── PROVIDED RECORDS
Lemma minpar_not_subset_diff_self p : minpar G0 pstd p -> ~ subset_diff g0 p p.
Proof.
case/minpar_stab_line=> g Gg pE sub; have gu := G0_unit Gg.
pose W := g *m Z *m invmx g.
have WZ : invmx g *m W *m g = Z by rewrite /W !mulmxA mulVmx // mul1mx mulmxKV.
have gW : g0 W by rewrite -(g0_conj _ Gg) WZ.
have : stab g W.
  by have [P [Q [/pE pP /pE pQ ->]]] := sub W gW; apply: stab_lineB.
by rewrite /stab -stab_line_conj ?g0_conj // WZ -pstdE.
Qed.

Lemma decomp_pairwise_distinct p1 p2 p3 :
  minpar G0 pstd p1 -> minpar G0 pstd p2 ->
  decomp g0 p1 p2 p3 -> pairwise_distinct p1 p2 p3.
Proof.
move=> m1 m2 /(decomp_subset_diff g00) [d12 d13 d23].
have same_subset_diff p q r : same_set q r -> subset_diff g0 p q -> subset_diff g0 p r.
  by move=> qr sub X /sub [P [Q [pP /qr rQ ->]]]; exists P, Q.
split=> same.
- by apply: (minpar_not_subset_diff_self m1); apply: same_subset_diff d12 => X; rewrite same.
- by apply: (minpar_not_subset_diff_self m1); apply: same_subset_diff d13 => X; rewrite same.
- by apply: (minpar_not_subset_diff_self m2); apply: same_subset_diff d23 => X; rewrite same.
Qed.

Lemma distinct_not_proportional g1 g2 (p1 p2 : M -> Prop) : G0 g2 ->
  (forall X, p1 X <-> stab g1 X) -> (forall X, p2 X <-> stab g2 X) ->
  ~ same_set p1 p2 -> ~ proportional (g1 *m v0) (g2 *m v0).
Proof.
move=> G2 p1E p2E nsame [t e]; apply: nsame => X.
by rewrite p1E p2E /stab (stab_line_scale _ (orbit_neq0 G2) e).
Qed.

Hypothesis decomp_lines : forall g1 g2 g3, G0 g1 -> G0 g2 -> G0 g3 ->
  ~ proportional (g1 *m v0) (g2 *m v0) -> ~ proportional (g1 *m v0) (g3 *m v0) ->
  ~ proportional (g2 *m v0) (g3 *m v0) -> decomp g0 (stab g1) (stab g2) (stab g3).

Hypothesis three_lines : exists g1 g2 g3, [/\ G0 g1, G0 g2, G0 g3 &
  [/\ ~ proportional (g1 *m v0) (g2 *m v0), ~ proportional (g1 *m v0) (g3 *m v0)
    & ~ proportional (g2 *m v0) (g3 *m v0)]].

Lemma prop61_of_line_stabilizers : Prop61 G0 g0 pstd.
Proof.
split=> [p1 p2 p3 m1 m2 m3|]; last first.
  have [g1 [g2 [g3 [G1 G2 G3 [n12 n13 n23]]]]] := three_lines.
  exists (stab g1), (stab g2), (stab g3).
  by split; [exact: stab_line_minpar..|exact: decomp_lines].
split; first exact: decomp_pairwise_distinct.
have [g1 G1 p1E] := minpar_stab_line m1; have [g2 G2 p2E] := minpar_stab_line m2.
have [g3 G3 p3E] := minpar_stab_line m3.
case=> [n12 n13 n23]; apply: (decomp_sub _ _ _ (decomp_lines G1 G2 G3 _ _ _)).
- by move=> X /p1E.
- by move=> X /p2E.
- by move=> X /p3E.
- exact: distinct_not_proportional G2 p1E p2E n12.
- exact: distinct_not_proportional G3 p1E p3E n13.
- exact: distinct_not_proportional G3 p2E p3E n23.
Qed.
End Criterion.
End LineStabilizers.

Section SL2.
Variable F : fieldType.
Hypothesis two_neq0 : (2 : F) != 0.
Notation M := 'M[F]_2.
Notation V := 'cV[F]_2.

Lemma ord2_cases (i : 'I_2) : i = ord0 \/ i = ord_max.
Proof. by case: i => -[|[|//]] ?; [left|right]; apply/val_inj. Qed.

Lemma sum2 (G : 'I_2 -> F) : \sum_i G i = G ord0 + G ord_max.
Proof. by rewrite big_ord_recl big_ord1; congr (_ + G _); apply/val_inj. Qed.

Lemma det2 (A : M) :
  \det A = A ord0 ord0 * A ord_max ord_max - A ord0 ord_max * A ord_max ord0.
Proof.
rewrite (expand_det_row _ ord0) sum2 /cofactor !det_mx11 !mxE /=.
have -> : lift ord0 (0 : 'I_1) = ord_max :> 'I_2 by apply/val_inj.
have -> : lift ord_max (0 : 'I_1) = ord0 :> 'I_2 by apply/val_inj.
by rewrite expr0 expr1 mul1r mulN1r mulrN.
Qed.

Definition cross (v w : V) : F := v ord0 0 * w ord_max 0 - v ord_max 0 * w ord0 0.

Lemma crossB (v w w' : V) : cross v (w - w') = cross v w - cross v w'.
Proof. by rewrite /cross !mxE; ring. Qed.

Lemma proportionalP (v w : V) : v != 0 -> proportional v w <-> cross v w = 0.
Proof.
move=> v0; split=> [[t ->]|].
  by rewrite /cross !mxE; ring.
rewrite /cross => /eqP; rewrite subr_eq0 => /eqP c0.
have [a0|a0] := eqVneq (v ord0 0) 0.
  have c_neq0 : v ord_max 0 != 0.
    apply: contra v0 => /eqP c0'; apply/eqP/matrixP => i j.
    by rewrite (ord1 j) mxE; case: (ord2_cases i) => ->.
  have w0 : w ord0 0 = 0.
    by move: c0; rewrite a0 mul0r => /esym/eqP; rewrite mulf_eq0 (negbTE c_neq0) => /eqP.
  exists (w ord_max 0 / v ord_max 0); apply/matrixP => i j; rewrite (ord1 j) mxE.
  by case: (ord2_cases i) => ->; rewrite ?a0 ?w0 ?mulr0 // divfK.
exists (w ord0 0 / v ord0 0); apply/matrixP => i j; rewrite (ord1 j) mxE.
case: (ord2_cases i) => ->; first by rewrite divfK.
by apply: (mulfI a0); rewrite c0; field.
Qed.

(* With Y = [[y, z], [w, -y]] and v = (a, c), cross v (Y v) = a^2 w - 2 a c y - c^2 z;
   the values of y, z, w below are Cramer's rule for the three such equations. *)
Lemma sl2_interpolation (v1 v2 v3 : V) (r1 r2 r3 : F) :
  cross v1 v2 != 0 -> cross v1 v3 != 0 -> cross v2 v3 != 0 ->
  exists2 Y, sl2 Y & [/\ cross v1 (Y *m v1) = r1, cross v2 (Y *m v2) = r2
                       & cross v3 (Y *m v3) = r3].
Proof.
rewrite /cross; set a1 := v1 ord0 0; set c1 := v1 ord_max 0; set a2 := v2 ord0 0.
set c2 := v2 ord_max 0; set a3 := v3 ord0 0; set c3 := v3 ord_max 0.
move=> D12 D13 D23.
pose N1 := -2 * (a1 * c2 - c1 * a2) * (a1 * c3 - c1 * a3).
pose N2 := 2 * (a1 * c2 - c1 * a2) * (a2 * c3 - c2 * a3).
pose N3 := -2 * (a1 * c3 - c1 * a3) * (a2 * c3 - c2 * a3).
pose y := - (r1 / N1 * (a2 * c3 + a3 * c2) + r2 / N2 * (a1 * c3 + a3 * c1)
             + r3 / N3 * (a1 * c2 + a2 * c1)).
pose z := 2 * (r1 / N1 * a2 * a3 + r2 / N2 * a1 * a3 + r3 / N3 * a1 * a2).
pose w := -2 * (r1 / N1 * c2 * c3 + r2 / N2 * c1 * c3 + r3 / N3 * c1 * c2).
exists (\matrix_(i, j) if i == ord0 then (if j == ord0 then y else z)
                        else (if j == ord0 then w else - y)).
  by rewrite /sl2 /mxtrace sum2 !mxE /= subrr.
rewrite !mxE !sum2 !mxE /= -/a1 -/c1 -/a2 -/c2 -/a3 -/c3 /y /z /w /N1 /N2 /N3.
by split; field; rewrite D12 D13 D23 oppr_eq0 two_neq0.
Qed.

Lemma cross_neq0 (v w : V) : cross v w != 0 -> (v != 0) && (w != 0).
Proof.
move=> c; apply/andP; split; apply: contraNneq c => ->;
  by rewrite /cross !mxE !(mul0r, mulr0) subrr.
Qed.

Lemma cross_neq0_not_proportional (v w : V) : cross v w != 0 -> ~ proportional v w.
Proof.
move=> /[dup] /cross_neq0 /andP [v0 _] c /(proportionalP _ v0) c0.
by rewrite c0 eqxx in c.
Qed.

Lemma sl2B (X Y : M) : sl2 X -> sl2 Y -> sl2 (X - Y).
Proof. by rewrite /sl2 linearB /= => -> ->; rewrite subrr. Qed.

Lemma stab_line_sl2P (v : V) X :
  v != 0 -> stab_line (@sl2 F) v X <-> sl2 X /\ cross v (X *m v) = 0.
Proof. by move=> v0; rewrite /stab_line -proportionalP. Qed.

Lemma sl2_decomp (v1 v2 v3 : V) :
  cross v1 v2 != 0 -> cross v1 v3 != 0 -> cross v2 v3 != 0 ->
  decomp (@sl2 F) (stab_line (@sl2 F) v1) (stab_line (@sl2 F) v2) (stab_line (@sl2 F) v3).
Proof.
move=> D12 D13 D23 X1 X2 X3 s1 s2 s3.
have [Y sY [e1 e2 e3]] := sl2_interpolation (cross v1 (X1 *m v1)) (cross v2 (X2 *m v2))
  (cross v3 (X3 *m v3)) D12 D13 D23.
have /andP [v1_0 v2_0] := cross_neq0 D12; have /andP [_ v3_0] := cross_neq0 D13.
exists Y, (X1 - Y), (X2 - Y), (X3 - Y); split; last by split; rewrite subrK.
split=> //; apply/stab_line_sl2P => //; split; try exact: sl2B;
  by rewrite mulmxBl crossB ?e1 ?e2 ?e3 subrr.
Qed.

Let e0 : V := delta_mx ord0 0.

Lemma mul_e0 (A : M) i : (A *m e0) i 0 = A i ord0.
Proof. by rewrite -colE mxE. Qed.

Lemma sl2_pstdE X : sl2_pstd X <-> stab_line (@sl2 F) e0 X.
Proof.
rewrite /sl2_pstd /stab_line; split=> [[tX eX]|[tX [c eX]]]; split=> //.
  exists (X ord0 ord0); apply/matrixP => i j; rewrite (ord1 j) mul_e0 !mxE.
  by case: (ord2_cases i) => ->; rewrite /= ?mulr1 ?mulr0.
by have := congr1 (fun A : V => A ord_max 0) eX; rewrite /= mul_e0 !mxE /= mulr0.
Qed.

Lemma sl2_prop61 : Prop61 (@SL2 F) (@sl2 F) (@sl2_pstd F).
Proof.
have SL2_unit g : SL2 g -> g \in unitmx by move=> dg; rewrite unitmxE dg unitr1.
apply: (prop61_of_line_stabilizers (v0 := e0) (Z := delta_mx ord_max ord0)).
- exact: SL2_unit.
- by move=> g X /SL2_unit gu; rewrite /sl2 mxtrace_mulC mulmxA mulmxV // mul1mx.
- by rewrite /sl2 linear0.
- exact: sl2B.
- exact: sl2_pstdE.
- by rewrite /sl2 /mxtrace sum2 !mxE /= addr0.
- by rewrite /sl2_pstd mxE /= => -[_ /eqP]; rewrite oner_eq0.
- have e0_neq0 : e0 != 0.
    by apply/eqP => /matrixP /(_ ord0 0); rewrite !mxE /= => /eqP; rewrite oner_eq0.
  have cross_orbit g h :
      SL2 g -> ~ proportional (g *m e0) (h *m e0) -> cross (g *m e0) (h *m e0) != 0.
    move=> /SL2_unit gu np; apply/eqP => c0; apply: np.
    exact/(proportionalP _ (unit_mulmx_neq0 gu e0_neq0)).
  move=> g1 g2 g3 G1 G2 G3 n12 n13 n23.
  by apply: sl2_decomp; apply: cross_orbit.
pose rot : M := \matrix_(i, j) (if i == j then 0 else if i == ord0 then -1 else 1).
pose shear : M := \matrix_(i, j) (if (i == ord0) && (j == ord_max) then 0 else 1).
exists 1%:M, rot, shear; split; rewrite /SL2 ?det1 ?det2 ?mxE /=; try ring.
by split; apply: cross_neq0_not_proportional;
  rewrite /cross !mul_e0 !mxE /= ?(mulr1, mulr0, subr0, sub0r, oppr_eq0) oner_eq0.
Qed.
End SL2.

Section SOn1.
Variables (R : realType) (n : nat).
Notation M := 'M[R]_n.+1.
Notation V := 'cV[R]_n.+1.
Notation J := (Jform R n).
Notation e := (null_v R n).

Definition jsign (i : 'I_n.+1) : R := if i == ord_max then -1 else 1.

Lemma JformE : J = diag_mx (\row_i jsign i).
Proof.
by apply/matrixP => i j; rewrite !mxE /jsign; case: (i == j); rewrite ?mulr1n ?mulr0n.
Qed.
────
◆ YOUR ASSIGNMENT: Out of the entries, pull every line that mentions "proportionalP".

◆ ANSWER BELOW:
Lemma proportionalP (v w : V) : v != 0 -> proportional v w <-> cross v w = 0.
move=> /[dup] /cross_neq0 /andP [v0 _] c /(proportionalP _ v0) c0.
Proof. by move=> v0; rewrite /stab_line -proportionalP. Qed.
    exact/(proportionalP _ (unit_mulmx_neq0 gu e0_neq0)).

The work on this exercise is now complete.